EDA – Exploratory Data Analysis

Introduction

In the US in 2023, about 1% of mortagages are considered sub-prime (down from 2% in 2022) according to the Office of the Comptroller’s OCC Mortgage Metrics Report. The total residential mortgage debt was about 12 trillion USD. This means that “bad loans” represent about 120 billion USD. According to Global Credit Data, a private organisation that owns the key Loss Given Default (LGD) metric of a wide range of banks, in North America the recovery rate in 2023 was 84%, i.e. 84% of the value of a loan could be recovered after a default. Therefore, the total cost of the industry for defaulting loans is in the range of 20 billion USD per year. In addition to the direct loss of profit, banks are also affected by loan defaulting rates because their loss given default rate LGD (= 1-recovery rate) is a key measure how many reserves a bank must have on their balance sheet. Defaulting loans therefore represent a very significant cost to banks. In addition, a bank with a lower defaulting rate will have better profits from home loans and therefore potentially be able to lend money at a lower interest rate, increasing their market share of the home loan market.

It is therefore of triple interest to reduce the number of defaulting loans – while not diminishing the number of conceded loans.
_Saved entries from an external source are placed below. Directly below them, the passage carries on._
(* In the orthonormal basis u, v the matrix S acts coordinatewise: it sends the
   coefficient pair (f_i, g_i) of u_i, -v_i to sigma_i (-g_i, f_i).  Hence, up to
   normalization, q_2k has coefficients sigma_i^2k (alpha_i1, alpha_i2), and q_2k+1 is
   the same with q_0 replaced by S q_0.  Split such a vector into its part on the
   leading block i <= r, where sigma_i = sigma_1, and the orthogonal remainder: the
   tangent of its angle with the leading part is the square root of the ratio of the
   two squared masses, and applying S^2k multiplies it by at most
   (sigma_r+1 / sigma_1)^2k.  The normalized leading part is fixed by the two-step
   iteration, and S rotates it into its partner with ratio sigma_1. *)

From HB Require Import structures.
From mathcomp Require Import all_boot all_order all_algebra.
From mathcomp Require Import all_classical all_reals all_analysis.
From mathcomp Require Import complex.
From mathcomp Require Import ring lra.
Import Order.TTheory GRing.Theory Num.Theory numFieldNormedType.Exports.
Local Open Scope classical_set_scope.
Local Open Scope ring_scope.
Set Implicit Arguments. Unset Strict Implicit. Unset Printing Implicit Defensive.

Section Euclidean.
Variables (R : realType) (n : nat).
Implicit Types (x y z : 'cV[R]_n) (a b : R).

Lemma dotvE x y : dotv x y = \sum_j x j 0 * y j 0.
Proof. by rewrite /dotv !mxE; apply: eq_bigr => j _; rewrite mxE. Qed.

Lemma dotvC x y : dotv x y = dotv y x.
Proof. by rewrite !dotvE; apply: eq_bigr => j _; rewrite mulrC. Qed.

Lemma dotvDl x y z : dotv (x + y) z = dotv x z + dotv y z.
Proof. by rewrite !dotvE -big_split; apply: eq_bigr => j _; rewrite mxE mulrDl. Qed.

Lemma dotvZl a x y : dotv (a *: x) y = a * dotv x y.
Proof. by rewrite !dotvE mulr_sumr; apply: eq_bigr => j _; rewrite mxE mulrA. Qed.

Lemma dotvBl x y z : dotv (x - y) z = dotv x z - dotv y z.
Proof. by rewrite dotvDl -scaleN1r dotvZl mulN1r. Qed.

Lemma dotvZr a x y : dotv x (a *: y) = a * dotv x y.
Proof. by rewrite !(dotvC x) dotvZl. Qed.

Lemma dotvBr x y z : dotv x (y - z) = dotv x y - dotv x z.
Proof. by rewrite !(dotvC x) dotvBl. Qed.

Lemma dotv_suml (I : finType) (F : I -> 'cV[R]_n) y :
  dotv (\sum_i F i) y = \sum_i dotv (F i) y.
Proof.
elim/big_rec2: _ => [|i a' b' _ <-]; last by rewrite dotvDl.
by rewrite dotvE big1 // => j _; rewrite mxE mul0r.
Qed.

Lemma dotv_sumr (I : finType) (F : I -> 'cV[R]_n) x :
  dotv x (\sum_i F i) = \sum_i dotv x (F i).
Proof. by rewrite dotvC dotv_suml; apply: eq_bigr => i _; exact: dotvC. Qed.

Lemma dotvv_ge0 x : 0 <= dotv x x.
Proof. by rewrite dotvE sumr_ge0 // => j _; rewrite -expr2 sqr_ge0. Qed.

Lemma dotvv_eq0 x : dotv x x = 0 -> x = 0.
Proof.
rewrite dotvE => /eqP; rewrite psumr_eq0 => [/allP x0|j _]; last first.
  by rewrite -expr2 sqr_ge0.
apply/matrixP => i j; rewrite (ord1 j) mxE.
by have := x0 i (mem_index_enum _); rewrite -expr2 sqrf_eq0 => /eqP.
Qed.

Lemma enorm_ge0 x : 0 <= enorm x.
Proof. exact: sqrtr_ge0. Qed.

Lemma sqr_enorm x : enorm x ^+ 2 = dotv x x.
Proof. by rewrite /enorm sqr_sqrtr // dotvv_ge0. Qed.

Lemma enormZ a x : enorm (a *: x) = `|a| * enorm x.
Proof.
by rewrite /enorm dotvZl dotvZr mulrA -expr2 sqrtrM ?sqr_ge0 // sqrtr_sqr.
Qed.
This calls for a more precise approval process and elimination of human bias and erroneous judgment. It is important to note that the approval process is conditioned by the Equal Credit Opportunity Act which makes it unlawful to base such an approval process on factors such as race, color, religion, national origin, sex etc.

Objective

The objective of this project is to use the Home Equity Dataset (HMEQ) to build a model that is able to predict a potentially defaulting loan application with precision. More weight will be given to incorrect predictions that a loan will be repaid than to incorrect prediction that a loan will indeed default, i.e. we will value loss reduction over revenue increase. Predictions need to be interpretable to (i) prove compliance to the Equal Credit Opportunity Act and (ii) be able to justify a rejection.
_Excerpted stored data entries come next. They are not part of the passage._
(* Let $t\ge 1$ be an integer, $\alpha>0$, and let $\mathcal{P}$ be a non-empty $\alpha$-rich collection of paths of length $2t-2$ (i.e. with $2t-1$ vertices) in a graph $G$. If $\alpha\ge t^2$, then $G$ contains a copy of $F_{t,t}$.
   Context: For $\alpha>0$ and $k\in\mathbb{N}$, a collection $\mathcal{P}$ of labelled paths $x_1x_2\cdots x_k$ (with distinct vertices) in $G$ is $\alpha$-rich if for every $x_1x_2\cdots x_k\in\mathcal{P}$ and every $2\le i\le k-1$ there exist at least $\alpha$ distinct vertices $x_i'$ such that $x_1\cdots x_{i-1}x_i'x_{i+1}\cdots x_k\in\mathcal{P}$. The grid $F_{t,t}$ has vertex set $[t]\times[t]$, two vertices being adjacent iff they differ in exactly one coordinate and there by exactly one. *)

From mathcomp Require Import all_boot all_order all_algebra.
Set Implicit Arguments. Unset Strict Implicit. Unset Printing Implicit Defensive.
Import Order.TTheory GRing.Theory Num.Theory.

Definition simple_graph (V : finType) (e : rel V) : Prop :=
  symmetric e /\ irreflexive e.

Definition is_path (V : finType) (e : rel V) (k : nat) (p : {ffun 'I_k -> V}) : bool :=
  injectiveb p &&
  [forall i : 'I_k, forall j : 'I_k, (val j == (val i).+1) ==> e (p i) (p j)].

Definition replace_at (V : finType) (k : nat) (p : {ffun 'I_k -> V}) (i : 'I_k) (y : V)
  : {ffun 'I_k -> V} := [ffun j => if j == i then y else p j].

(* P is an alpha-rich collection of paths on k vertices: every member is a path,
   and for every member and every interior position (1-indexed 2..k-1, i.e.
   0-indexed 1..k-2) there are at least alpha vertices y such that replacing
   that vertex by y gives a member of P. *)
Definition alpha_rich (R : realFieldType) (V : finType) (e : rel V) (k : nat)
  (P : {set {ffun 'I_k -> V}}) (alpha : R) : Prop :=
  (forall p, p \in P -> is_path e p) /\
  (forall p, p \in P -> forall i : 'I_k, (1 <= val i)%N -> ((val i).+2 <= k)%N ->
     alpha <= (#|[set y : V | replace_at p i y \in P]|)%:R)%R.

Definition grid_adj (t : nat) (a b : 'I_t * 'I_t) : bool :=
  ((a.1 == b.1) && (((val a.2).+1 == val b.2) || ((val b.2).+1 == val a.2))) ||
  ((a.2 == b.2) && (((val a.1).+1 == val b.1) || ((val b.1).+1 == val a.1))).

Definition contains_grid (V : finType) (e : rel V) (t : nat) : Prop :=
  exists f : 'I_t * 'I_t -> V,
    injective f /\ forall a b, grid_adj a b -> e (f a) (f b).

From mathcomp Require Import all_boot all_order all_algebra.
From mathcomp Require Import zify.
Import Order.TTheory GRing.Theory Num.Theory.
Set Implicit Arguments. Unset Strict Implicit.

(* Write t = n + 1 and index the 2n + 1 vertices of a path of P
   by the anti-diagonals of the grid [0, n]^2: the cell (a, b) lies on
   diagonal  diag (a, b) = b + n - a.  A staircase rho picks one cell
   pt rho k = (rho k, k + rho k - n) on every diagonal k, consecutive cells
   being grid-adjacent; the cells on or below the staircase form a region.
   We maintain an injective, edge-preserving map g from that region into G
   whose restriction to the staircase is a path of P.
   - Start: the staircase running along row 0 and column 0, with g read off
     any path Q of P.
   - Step: while the region is not the whole grid, its complement has a
     cell v of minimal a + b; v sits at an outer corner of the staircase,
     and flipping the staircase over v adds exactly v to the region.  The
     only old neighbours of v are the staircase cells on the two adjacent
     diagonals, so alpha-richness at position diag v (alpha >= t^2 exceeds
     the size of the region) yields a fresh vertex y completing both the
     extended embedding and the new staircase path.
   After at most t^2 steps the region is the whole grid: a copy of F_{t,t}. *)

Section Embedding.
Variables (U W : finType) (adj : rel U) (e : rel W).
The key questions for this study are:

What are the main factors that contribute to loan defaulting?
Are we able to predict with good precision whether a particular loan application should be rejected?

The data set

The Home Equity dataset (HMEQ) contains baseline and loan performance information for 5,960 recent home equity loans. The target (BAD) is a binary variable that indicates whether an applicant has ultimately defaulted or has been severely delinquent. This adverse outcome occurred in 1,189 cases (20 percent). 12 input variables were registered for each applicant.
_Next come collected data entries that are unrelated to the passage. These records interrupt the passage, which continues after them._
(* For every positive integer $t$ and every finite graph $G$ admitting a vertex cover of size at most $t$, the hypergraph of balls in $G$ has a proper sample compression scheme of size $t+4$.
   Context: A vertex cover of $G$ is a set $R\subseteq V(G)$ meeting every edge. A hypergraph $H$ is a pair $(V(H),E(H))$ with $V(H)$ finite and $E(H)\subseteq 2^{V(H)}$. A sample of $H$ is a pair $(X^+,X^-)$ of subsets of $V(H)$ such that some $e\in E(H)$ has $X^+\subseteq e$, $X^-\cap e=\emptyset$; $\mathcal{S}(H)$ is the set of samples. $S$ realizes $(X^+,X^-)$ if $X^+\subseteq S$, $S\cap X^-=\emptyset$. A subsample of $(X^+,X^-)$ is a sample $(Y^+,Y^-)$ with $Y^\pm\subseteq X^\pm$, of size $|Y^+\cup Y^-|$. A sample compression scheme is a pair $(\kappa,\rho)$ with $\kappa:\mathcal{S}(H)\to\mathcal{S}(H)\times\{0,1\}^*$, $\rho:\mathcal{S}(H)\times\{0,1\}^*\to 2^{V(H)}$, such that for every sample the first component of $\kappa(X^+,X^-)$ is a subsample of it and $\rho(\kappa(X^+,X^-))$ realizes it; its size is $k_1+k_2$ with $k_1$ the maximum size of the subsample and $k_2$ the maximum bitstring length output by $\kappa$; it is proper if every value of $\rho$ is a hyperedge. The hypergraph of balls in $G$ has vertex set $V(G)$ and hyperedges all $B_G(c,r)=\{v:\mathrm{dist}_G(c,v)\le r\}$ for $c\in V(G)$, $r$ an integer. *)

From mathcomp Require Import all_boot all_order all_algebra.
Set Implicit Arguments. Unset Strict Implicit. Unset Printing Implicit Defensive.

Definition simple_graph (T : finType) (e : rel T) : Prop :=
  symmetric e /\ irreflexive e.

Definition vertex_cover (T : finType) (e : rel T) (R : {set T}) : Prop :=
  forall x y, e x y -> (x \in R) || (y \in R).

(* dist_G(c,v) <= r  iff there is a walk c = v0, v1, ..., vk = v with k <= r
   (dist is the length of a shortest walk, +infinity if none). *)
Definition dist_le (T : finType) (e : rel T) (c v : T) (r : int) : Prop :=
  exists p : seq T, [/\ path e c p, last c p = v & ((size p)%:Z <= r)%R].

Definition is_ball (T : finType) (e : rel T) (E : {set T}) : Prop :=
  exists (c : T) (r : int), forall v, v \in E <-> dist_le e c v r.

Definition is_sample (T : finType) (e : rel T) (X : {set T} * {set T}) : Prop :=
  exists E : {set T}, [/\ is_ball e E, X.1 \subset E & [disjoint X.2 & E]].

Definition realizes (T : finType) (S : {set T}) (X : {set T} * {set T}) : Prop :=
  X.1 \subset S /\ [disjoint S & X.2].

Definition subsample (T : finType) (e : rel T) (Y X : {set T} * {set T}) : Prop :=
  [/\ is_sample e Y, Y.1 \subset X.1 & Y.2 \subset X.2].

Definition proper_scheme (T : finType) (e : rel T) (k : nat)
  (kappa : {set T} * {set T} -> ({set T} * {set T}) * seq bool)
  (rho : ({set T} * {set T}) * seq bool -> {set T}) : Prop :=
  exists k1 k2 : nat, [/\ (k1 + k2 <= k)%N,
    (forall X, is_sample e X ->
       [/\ subsample e (kappa X).1 X,
           (#|(kappa X).1.1 :|: (kappa X).1.2| <= k1)%N,
           (size (kappa X).2 <= k2)%N
         & realizes (rho (kappa X)) X])
  & (forall Y b, is_sample e Y -> is_ball e (rho (Y, b)))].

(* Shrink a realizing ball B(c, r) until some positive point p lies at distance
   exactly r from c.  If c lies in the vertex cover R, transmit p and the
   indicator vector of {c} on R.  Otherwise N(c) is contained in R; transmit the
   indicator vector of N(c).  The vertices whose neighbourhood is N(c) (the
   twins of c) all have the same balls of radius at least 2, so for r >= 2 any
   twin together with p determines the ball.  For r <= 1 and c positive,
   transmit c and one bit for r.  For r = 1 and c not positive, the unit ball
   around any twin of c outside X- realizes the sample; one negative point (the
   negative twin of largest rank below c) steers the decoder to such a twin.
   Three tag bits tell the cases apart: one point and |R| + 3 bits in all. *)

From mathcomp Require Import all_boot all_order all_algebra.
From Stdlib Require Import ClassicalEpsilon.

Set Implicit Arguments. Unset Strict Implicit. Unset Printing Implicit Defensive.

Definition asbool (P : Prop) : bool :=
  if excluded_middle_informative P then true else false.

Lemma asboolP (P : Prop) : reflect P (asbool P).
Proof. by rewrite /asbool; case: excluded_middle_informative => HP; constructor. Qed.

Section Balls.
Variables (T : finType) (e : rel T).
BAD (target) 1 = Client defaulted on loan, 0 = loan repaid
LOAN (numerical) Amount of loan approved.
MORTDUE (numerical) Amount due on the existing mortgage.
VALUE (numerical) Current value of the property.
REASON (nominal) Reason for the loan request. (HomeImp = home improvement, DebtCon= debt consolidation which means taking out a new loan to pay off other liabilities and consumer debts)
JOB (nominal) The type of job that loan applicant has such as manager, self, etc.
YOJ (numerical) Years at present job.
DEROG (ordinal) Number of major derogatory reports (which indicates a serious delinquency or late payments).
DELINQ (ordinal) Number of delinquent credit lines (a line of credit becomes delinquent when a borrower does not make the minimum required payments 30 to 60 days past the day on which the payments were due).
CLAGE (numerical) Age of the oldest credit line in months.
NINQ (ordinal) Number of recent credit inquiries.
CLNO (ordinal) Number of existing credit lines.
DEBTINC (numerical) Debt-to-income ratio (all your monthly debt payments divided by your gross monthly income. This number is one way lenders measure your ability to manage the monthly payments to repay the money you plan to borrow.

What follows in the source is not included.